Kleinstaaterei im hohen Norden...

In jedem Dorf ein König: Schleswig-Holstein hat nie eine Strukturreform mitgemacht, es besteht aus einem Flickenteppich kleiner und kleinster Gemeinden, jede mit Gemeinderat, Bürgermeister und eigenen Befugnissen. Rund 1.130 Gemeinden und Städte gibt es zurzeit, die in 119 Ämtern und 11 Kreisen organisiert sind, vier Städte sind kreisfrei. Die lokale Politik wird im ehrenamtlich besetzten Stadt- oder Gemeinderat, im Amtsausschuss und im Kreistag gemacht, umgesetzt wird sie von den hauptamtlichen Mitarbeitern in den Amts- und Kreisverwaltungen. Das Land hat ihnen zahlreiche Aufgaben übertragen, angefangen von der Vergabe von Angelscheinen über die Kontrolle von Gaststätten bis zur Aufsicht über Land- und Wasserstraßen. Da überall Kosten gespart werden müssen, schieben die Verwaltungen untereinander Aufgaben hin und her.
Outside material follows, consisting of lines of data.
(* Let $Y=\tilde S\cup\tilde P\subset\mathbb P^5$ be a reducible quartic surface which is the union of a plane $\tilde P$ and a smooth cubic rational normal scroll $\tilde S$ such that $\tilde S\cap\tilde P$ is a line $\tilde L$. Then $Y$ is a (generalized) variety with one apparent double point if and only if $\tilde L^2=0$ on $\tilde S$ (i.e. $\tilde L$ is a line of the ruling of $\tilde S$), and $Y$ is secant defective (no secant line to $Y$ passes through a general point of $\mathbb P^5$) if and only if $\tilde L^2=-1$ on $\tilde S$ (i.e. $\tilde L$ is the directrix line of $\tilde S$).
   Context: An equidimensional reduced scheme $X\subset\mathbb P^{2n+1}$ of dimension $n$ is a (generalized) variety with one apparent double point (OADP) if through a general point of $\mathbb P^{2n+1}$ there passes a unique secant line to $X$, i.e. a unique line cutting $X$ scheme-theoretically in a reduced scheme of length two. A smooth cubic rational normal scroll $S(1,2)\subset\mathbb P^4$ is isomorphic to the blow-up of $\mathbb P^2$ at a point; its lines are the fibers of the ruling (self-intersection $0$) and the directrix (the exceptional curve, self-intersection $-1$). *)

From HB Require Import structures.
From mathcomp Require Import all_boot all_order all_algebra all_field.
From mathcomp Require Import mpoly.
Set Implicit Arguments. Unset Strict Implicit. Unset Printing Implicit Defensive.
Import GRing.Theory.
Local Open Scope ring_scope.

(* Points of P^5 are represented by nonzero row vectors of algC^6 (affine
   cone); projective subvarieties by scale-invariant predicates on vectors. *)
Definition vpoly := {mpoly algC[6]}.
Definition evalv (f : vpoly) (x : 'rV[algC]_6) : algC := f.@[fun i => x 0 i].

(* Standard smooth cubic scroll S(1,2) in P^4: points
   [a l : b l : a^2 m : a b m : b^2 m]. *)
Definition scroll_pt (a b l m : algC) : 'rV[algC]_5 :=
  \row_(j < 5) nth 0 [:: a * l; b * l; a ^+ 2 * m; a * b * m; b ^+ 2 * m] j.

(* Cone over the image of S(1,2) under the linear embedding P^4 -> P^5 given
   by A (A row_free). *)
Definition on_scroll (A : 'M[algC]_(5, 6)) (x : 'rV[algC]_6) : Prop :=
  exists a b l m, x = scroll_pt a b l m *m A.

Definition is_ruling_line (A : 'M[algC]_(5, 6)) (C : 'M[algC]_(2, 6)) : Prop :=
  exists a b : algC, (a != 0 \/ b != 0) /\
    (C == col_mx (scroll_pt a b 1 0 *m A) (scroll_pt a b 0 1 *m A))%MS.

Definition is_directrix (A : 'M[algC]_(5, 6)) (C : 'M[algC]_(2, 6)) : Prop :=
  (C == col_mx (scroll_pt 1 0 1 0 *m A) (scroll_pt 0 1 1 0 *m A))%MS.

Definition vanishes_on (Y : 'rV[algC]_6 -> Prop) (f : vpoly) : Prop :=
  forall x, Y x -> evalv f x = 0.

Definition restrict_line (f : vpoly) (q w : 'rV[algC]_6) : {poly algC} :=
  (map_mpoly (@polyC algC) f).@[fun i => (q 0 i)%:P + (w 0 i) *: 'X].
Immer wieder knirscht es zwischen den Ebenen, lokale Befindlichkeiten reiben sich mit landespolitischen Planungen: So wollte beispielsweise das Land Windräder im Land verteilen, doch viele Gemeinden beriefen sich auf ihre Selbstbestimmung, verhinderten Windparks oder verlangten nach weiteren Mühlen. Wenn Städte ins Umland vorstoßen wollen, müssen sie mit den Umlandbürgermeistern verhandeln: Um eine Straße zum geplanten Offshore-Hafen bei Husum bauen zu dürfen, wurden der Winzgemeinde Südermarsch Zugeständnisse gemacht.
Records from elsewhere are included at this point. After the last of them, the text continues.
(* Let $\{D_1,D_2,D_3\}$ be a positively oriented orthonormal basis of $\mathbb{R}^3$ and $J$ a symmetric positive definite linear map on $\mathbb{R}^3$ having $D_3$ as an eigenvector. For a smooth curve $\Lambda:[0,T]\to SO(3)$ the following are equivalent: (i) (Lagrange–d'Alembert) $w\cdot d_3=0$ on $[0,T]$ and there is a continuous $\mu:[0,T]\to\mathbb{R}$ such that $$\frac{d}{d\iota}\Big|_{\iota=0}\int_0^T K(\Lambda_\iota,\dot\Lambda_\iota)\,dt+\int_0^T\mu\,\delta\theta\cdot d_3\,dt=0$$ for every smooth $\delta\theta:[0,T]\to\mathbb{R}^3$ with $\delta\theta(0)=\delta\theta(T)=0$, where $\Lambda_\iota=\exp[\iota\widehat{\delta\theta}]\Lambda$; (ii) there is $\mu:[0,T]\to\mathbb{R}$ such that for all $t$ $$\nabla_{\dot d_3}\pi_\perp+\pi_\parallel\dot d_3=0,\qquad \dot\pi_\parallel+\pi_\perp\cdot\dot d_3+\mu=0,\qquad w\cdot d_3=0 .$$ Moreover, for any $\Lambda$ and $\mu$, the system in (ii) is equivalent to $$\nabla_{\dot d_3}\pi_\perp=0,\qquad \pi_\perp\cdot\dot d_3+\mu=0,\qquad w_\parallel=0,$$ i.e. $\pi_\perp$ is parallel transported along the curve $d_3$ on the unit sphere.
   Context: Notation: $d_i=\Lambda D_i$; for $v\in\mathbb{R}^3$, $\hat v a=v\times a$; the spatial angular velocity $w$ and convected angular velocity $W$ are defined by $\dot\Lambda=\hat w\Lambda=\Lambda\hat W$, and $w_\parallel=w\cdot d_3$. The kinetic energy is $K=\tfrac12 W\cdot JW=\tfrac12 w\cdot jw$ with $j=\Lambda J\Lambda^T$. The spatial angular momentum is $\pi=jw$, split as $\pi=\pi_\perp+\pi_\parallel d_3$ with $\pi_\parallel=\pi\cdot d_3$, $\pi_\perp=(I-d_3\otimes d_3)\pi$. For a curve $v(t)$ with $v(t)\cdot d_3(t)=0$, $\nabla_{\dot d_3}v:=(I-d_3\otimes d_3)\dot v$ is the covariant derivative on the unit sphere along $d_3$. The constraint $w\cdot d_3=0$ is the non-twisting condition and $\mu$ the associated multiplier. *)

From Stdlib Require Import Reals.
From Coquelicot Require Import Coquelicot.
Open Scope R_scope.

Record V3 := mkV3 { vx : R; vy : R; vz : R }.

Definition vzero : V3 := mkV3 0 0 0.
Definition vadd (a b : V3) : V3 := mkV3 (vx a + vx b) (vy a + vy b) (vz a + vz b).
Definition vsub (a b : V3) : V3 := mkV3 (vx a - vx b) (vy a - vy b) (vz a - vz b).
Definition vscale (c : R) (a : V3) : V3 := mkV3 (c * vx a) (c * vy a) (c * vz a).
Definition dot (a b : V3) : R := vx a * vx b + vy a * vy b + vz a * vz b.
Definition cross (a b : V3) : V3 :=
  mkV3 (vy a * vz b - vz a * vy b) (vz a * vx b - vx a * vz b) (vx a * vy b - vy a * vx b).

Definition vent (v : V3) (i : nat) : R :=
  match i with 0%nat => vx v | 1%nat => vy v | _ => vz v end.
Definition vmk (f : nat -> R) : V3 := mkV3 (f 0%nat) (f 1%nat) (f 2%nat).

Record M3 := mkM3 { row1 : V3; row2 : V3; row3 : V3 }.

Definition ent (A : M3) (i j : nat) : R :=
  match i with 0%nat => vent (row1 A) j | 1%nat => vent (row2 A) j | _ => vent (row3 A) j end.
Definition mmk (f : nat -> nat -> R) : M3 :=
  mkM3 (vmk (f 0%nat)) (vmk (f 1%nat)) (vmk (f 2%nat)).

Definition mI : M3 := mmk (fun i j => if Nat.eqb i j then 1 else 0).
Definition mtr (A : M3) : M3 := mmk (fun i j => ent A j i).
Definition mmul (A B : M3) : M3 :=
  mmk (fun i j => ent A i 0 * ent B 0 j + ent A i 1 * ent B 1 j + ent A i 2 * ent B 2 j).
Definition mscale (c : R) (A : M3) : M3 := mmk (fun i j => c * ent A i j).
Definition mapp (A : M3) (v : V3) : V3 := mkV3 (dot (row1 A) v) (dot (row2 A) v) (dot (row3 A) v).
Definition mcols (a b c : V3) : M3 := mtr (mkM3 a b c).
Definition mdet (A : M3) : R := dot (row1 A) (cross (row2 A) (row3 A)).
Fixpoint mpow (A : M3) (n : nat) : M3 :=
  match n with 0%nat => mI | S n => mmul A (mpow A n) end.

Definition mexp (A : M3) : M3 :=
  mmk (fun i j => Series (fun k => ent (mpow A k) i j / INR (Factorial.fact k))).

(** hat map (v x .) and its inverse vee on skew matrices *)
Definition hat (v : V3) : M3 :=
  mkM3 (mkV3 0 (- vz v) (vy v)) (mkV3 (vz v) 0 (- vx v)) (mkV3 (- vy v) (vx v) 0).
Definition vee (A : M3) : V3 := mkV3 (ent A 2 1) (ent A 0 2) (ent A 1 0).

Definition in_SO3 (A : M3) : Prop := mmul (mtr A) A = mI /\ mdet A = 1.

Definition mderiv (L : R -> M3) (t : R) : M3 := mmk (fun i j => Derive (fun s => ent (L s) i j) t).
Definition vderiv (v : R -> V3) (t : R) : V3 := vmk (fun i => Derive (fun s => vent (v s) i) t).

Definition smooth_fun (f : R -> R) : Prop := forall (n : nat) (x : R), ex_derive_n f n x.
Definition smooth_M (L : R -> M3) : Prop :=
  forall i j, (i < 3)%nat -> (j < 3)%nat -> smooth_fun (fun t => ent (L t) i j).
Definition smooth_V (v : R -> V3) : Prop :=
  forall i, (i < 3)%nat -> smooth_fun (fun t => vent (v t) i).

Definition cont_on (a b : R) (f : R -> R) : Prop :=
  forall t, a <= t <= b -> forall eps, 0 < eps -> exists delta, 0 < delta /\
    forall s, a <= s <= b -> Rabs (s - t) < delta -> Rabs (f s - f t) < eps.

Section Kin.
Variables (J : M3) (D3 : V3) (L : R -> M3).

Definition d3 (t : R) : V3 := mapp (L t) D3.
Definition w_sp (t : R) : V3 := vee (mmul (mderiv L t) (mtr (L t))).
Definition w_par (t : R) : R := dot (w_sp t) (d3 t).
Definition jmat (t : R) : M3 := mmul (L t) (mmul J (mtr (L t))).
Definition pi_sp (t : R) : V3 := mapp (jmat t) (w_sp t).
Definition pi_par (t : R) : R := dot (pi_sp t) (d3 t).
Definition pi_perp (t : R) : V3 := vsub (pi_sp t) (vscale (pi_par t) (d3 t)).
(** covariant derivative along d3 on the unit sphere *)
Definition cov_d3 (v : R -> V3) (t : R) : V3 :=
  vsub (vderiv v t) (vscale (dot (d3 t) (vderiv v t)) (d3 t)).
End Kin.

Definition kinetic (J : M3) (L Ld : M3) : R :=
  let W := vee (mmul (mtr L) Ld) in / 2 * dot W (mapp J W).

Definition Lvar (L : R -> M3) (dth : R -> V3) (iota : R) (t : R) : M3 :=
  mmul (mexp (mscale iota (hat (dth t)))) (L t).

Definition action_var (J : M3) (T : R) (L : R -> M3) (dth : R -> V3) (iota : R) : R :=
  RInt (fun t => kinetic J (Lvar L dth iota t) (mderiv (Lvar L dth iota) t)) 0 T.

Definition sys_ii (J : M3) (D3 : V3) (L : R -> M3) (mu : R -> R) (t : R) : Prop :=
  vadd (cov_d3 D3 L (pi_perp J D3 L) t) (vscale (pi_par J D3 L t) (vderiv (d3 D3 L) t)) = vzero /\
  Derive (pi_par J D3 L) t + dot (pi_perp J D3 L t) (vderiv (d3 D3 L) t) + mu t = 0 /\
  dot (w_sp L t) (d3 D3 L t) = 0.

Definition sys_pt (J : M3) (D3 : V3) (L : R -> M3) (mu : R -> R) (t : R) : Prop :=
  cov_d3 D3 L (pi_perp J D3 L) t = vzero /\
  dot (pi_perp J D3 L t) (vderiv (d3 D3 L) t) + mu t = 0 /\
  w_par D3 L t = 0.

From Stdlib Require Import Reals Lra Lia Psatz.
From Coquelicot Require Import Coquelicot.
Open Scope R_scope.

(* Perturbing [Lambda] by [exp (iota hat dth)] and expanding with Rodrigues' formula, the
   kinetic energy is [K + iota pi . dth' + O(iota^2)] uniformly in time, so the first
   variation of the action is [int pi . dth' = - int pi' . dth].  Testing (i) with
   [dth = t (T - t) g], where [g] is the component of [pi'] orthogonal to [d3], kills the
   multiplier term and leaves [int t (T - t) |g|^2 = 0], so [pi'] is parallel to [d3];
   conversely [mu = d3 . pi'] then satisfies (i).  Since [D3] is an eigenvector of [J],
   [pi_par = lam w_par], so under the non-twisting condition [pi_par] vanishes identically,
   [pi_perp = pi], and both systems of (ii) reduce to [nabla pi_perp = 0], [w_par = 0] and
   an equation defining [mu]. *)

(* Coquelicot often leaves equalities at type [R_NormedModule], which [ring] and [field]
   do not recognise as [R]. *)
Ltac toR := match goal with |- ?x = ?y => change (@eq R x y) end.

Fixpoint Cn (n : nat) (f : R -> R) : Prop :=
  match n with
  | O => True
  | S n => (forall x, ex_derive f x) /\ Cn n (Derive f)
  end.

Definition smooth (f : R -> R) : Prop := forall n, Cn n f.

Lemma Cn_ext n f g : (forall x, f x = g x) -> Cn n f -> Cn n g.
Proof.
  revert f g; induction n as [|n IH]; simpl; auto.
  intros f g E [Df Cf]; split.
  - intros x; exact (ex_derive_ext f g x E (Df x)).
  - apply (IH (Derive f)); auto. intros x; apply Derive_ext; auto.
Qed.

Lemma Cn_S n f : Cn (S n) f -> Cn n f.
Proof.
  revert f; induction n as [|n IH]; simpl; auto.
  intros f [Df Cf]; split; auto.
Qed.

Lemma Cn_plus n f g : Cn n f -> Cn n g -> Cn n (fun x => f x + g x).
Proof.
  revert f g; induction n as [|n IH]; simpl; auto.
  intros f g [Df Cf] [Dg Cg]; split.
  - intros x; apply (ex_derive_plus f g); auto.
  - apply (Cn_ext n (fun x => Derive f x + Derive g x)); auto.
    intros x; symmetry; apply (Derive_plus f g); auto.
Qed.

Lemma Cn_mult n f g : Cn n f -> Cn n g -> Cn n (fun x => f x * g x).
Proof.
  revert f g; induction n as [|n IH]; simpl; auto.
  intros f g Cf Cg.
  pose proof (Cn_S n f Cf) as Cf'; pose proof (Cn_S n g Cg) as Cg'.
  destruct Cf as [Df Cf]; destruct Cg as [Dg Cg]; split.
  - intros x; apply ex_derive_mult; auto.
  - apply (Cn_ext n (fun x => Derive f x * g x + f x * Derive g x)).
    + intros x; symmetry; apply Derive_mult; auto.
    + apply Cn_plus; auto.
Qed.

Lemma Cn_const n c : Cn n (fun _ => c).
Proof.
  revert c; induction n as [|n IH]; intros c; simpl; auto; split.
  - intros; apply ex_derive_const.
  - apply (Cn_ext n (fun _ => 0)); auto. intros; rewrite Derive_const; auto.
Qed.

Lemma Cn_id n : Cn n (fun x => x).
Proof.
  destruct n; simpl; auto; split.
  - intros; apply ex_derive_id.
  - apply (Cn_ext n (fun _ => 1)); [|apply Cn_const]. intros; rewrite Derive_id; auto.
Qed.

Lemma smooth_Derive f : smooth f -> smooth (Derive f).
Proof. intros H n; exact (proj2 (H (S n))). Qed.

Lemma smooth_ex_derive f x : smooth f -> ex_derive f x.
Proof. intros H; exact (proj1 (H 1%nat) x). Qed.

Lemma Cn_comp n s g : smooth s -> Cn n g -> Cn n (fun x => s (g x)).
Proof.
  revert s g; induction n as [|n IH]; simpl; auto.
  intros s g Hs Cg. pose proof (Cn_S n g Cg) as Cg'. destruct Cg as [Dg Cg]; split.
  - intros x; apply ex_derive_comp; auto; apply smooth_ex_derive; auto.
  - apply (Cn_ext n (fun x => Derive s (g x) * Derive g x)).
    + intros x; rewrite (Derive_comp s g); auto; [ring | apply smooth_ex_derive; auto].
    + apply Cn_mult; auto. apply IH; auto. apply smooth_Derive; auto.
Qed.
Nicht zu vergessen sind die Kosten. 1.130 Bürgermeister, auch wenn die meisten von ihnen ehrenamtlich tätig sind, erhalten Aufwandsentschädigungen: Monatlich 799 Euro bei Gemeinden unter 2.000 Einwohnern, schlägt die Gemeindeordnung vor. Dazu kommen Pauschalen für Arbeitszimmer und Telefon. Sitzungsgeld erhält jeder ehrenamtliche Politiker – zwangsweise. Die Gemeindevertreter in Norddorf auf Amrum hatten vor Jahren versucht, auf Geld zu verzichten, das lehnte der damalige Innenminister ab. Selbst der Kompromissvorschlag der Norddorfer, sich einen Pfennig zu genehmigen, kam nicht durch: Das Geld müsse mindestens für einen Kaffee reichen, so der Bescheid aus Kiel. Heute, angesichts leerer Kassen, darf diese Grenze unterschritten werden. Im Landesschnitt beträgt das Sitzungsgeld dennoch pro Person und Abend 15 Euro.

Weitere Kosten entstehen dadurch, dass bei jeder Sitzung ein Mitarbeiter der Amtsverwaltung dabei ist und dass jede Gemeinde ihren eigenen Haushalt aufstellt.